*Directions for this task:*
Report each line of the data that contains the string "Definition".

*Exercise data:*
(* For each $q\ge3$ (uniformly in $\xi_\infty\in[0,2\pi)$), $$\xi_q(\varphi_\infty(\xi_\infty))-\xi_\infty=O_{e_0,c}(1/q^2)\qquad\text{and}\qquad k_q-e_0=O_{e_0,c}(1/q^2),$$ where $O_{e_0,c}(X)$ denotes a quantity bounded in absolute value by $X$ times a constant depending only on $e_0$ and $c$.
   Context: Ellipse with semi-axes $0<b\le a$, eccentricity $e_0=\sqrt{1-b^2/a^2}\in[0,1)$, semi-focal distance $c=\sqrt{a^2-b^2}$. For $0\le k<1$, $F(\varphi;k)=\int_0^\varphi(1-k^2\sin^2\tau)^{-1/2}d\tau$, $K(k)=F(\pi/2;k)$, and $\mathrm{am}(\cdot;k)$ is the inverse function of $F(\cdot;k)$ (Jacobi amplitude). For $\lambda\in(0,b)$, $k_\lambda=\sqrt{(a^2-b^2)/(a^2-\lambda^2)}$, $\omega_\lambda=F(\arcsin(\lambda/b);k_\lambda)/(2K(k_\lambda))$ (strictly increasing from $0$ to $1/2$); for $q\ge3$, $\omega_{\lambda_q}=1/q$ and $k_q=k_{\lambda_q}$. Define $\xi_q(\varphi)=\frac{2\pi}{4K(k_q)}F(\varphi;k_q)$ and $\varphi_\infty(\xi)=\mathrm{am}\big(\frac{4K(e_0)}{2\pi}\xi;e_0\big)$. *)

From Stdlib Require Import Reals Lra ClassicalEpsilon.
From Coquelicot Require Import Coquelicot.
Open Scope R_scope.

Definition ellF (phi k : R) : R :=
  RInt (fun t => / sqrt (1 - k ^ 2 * sin t ^ 2)) 0 phi.

Definition ellK (k : R) : R := ellF (PI / 2) k.

(* Jacobi amplitude am(u;k): the inverse function of F(.;k)
   (the unique phi with F(phi;k) = u, which exists for 0 <= k < 1). *)
Definition am (u k : R) : R :=
  epsilon (inhabits 0) (fun phi => ellF phi k = u).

*Output below:*
Definition ellF (phi k : R) : R :=
Definition ellK (k : R) : R := ellF (PI / 2) k.
Definition am (u k : R) : R :=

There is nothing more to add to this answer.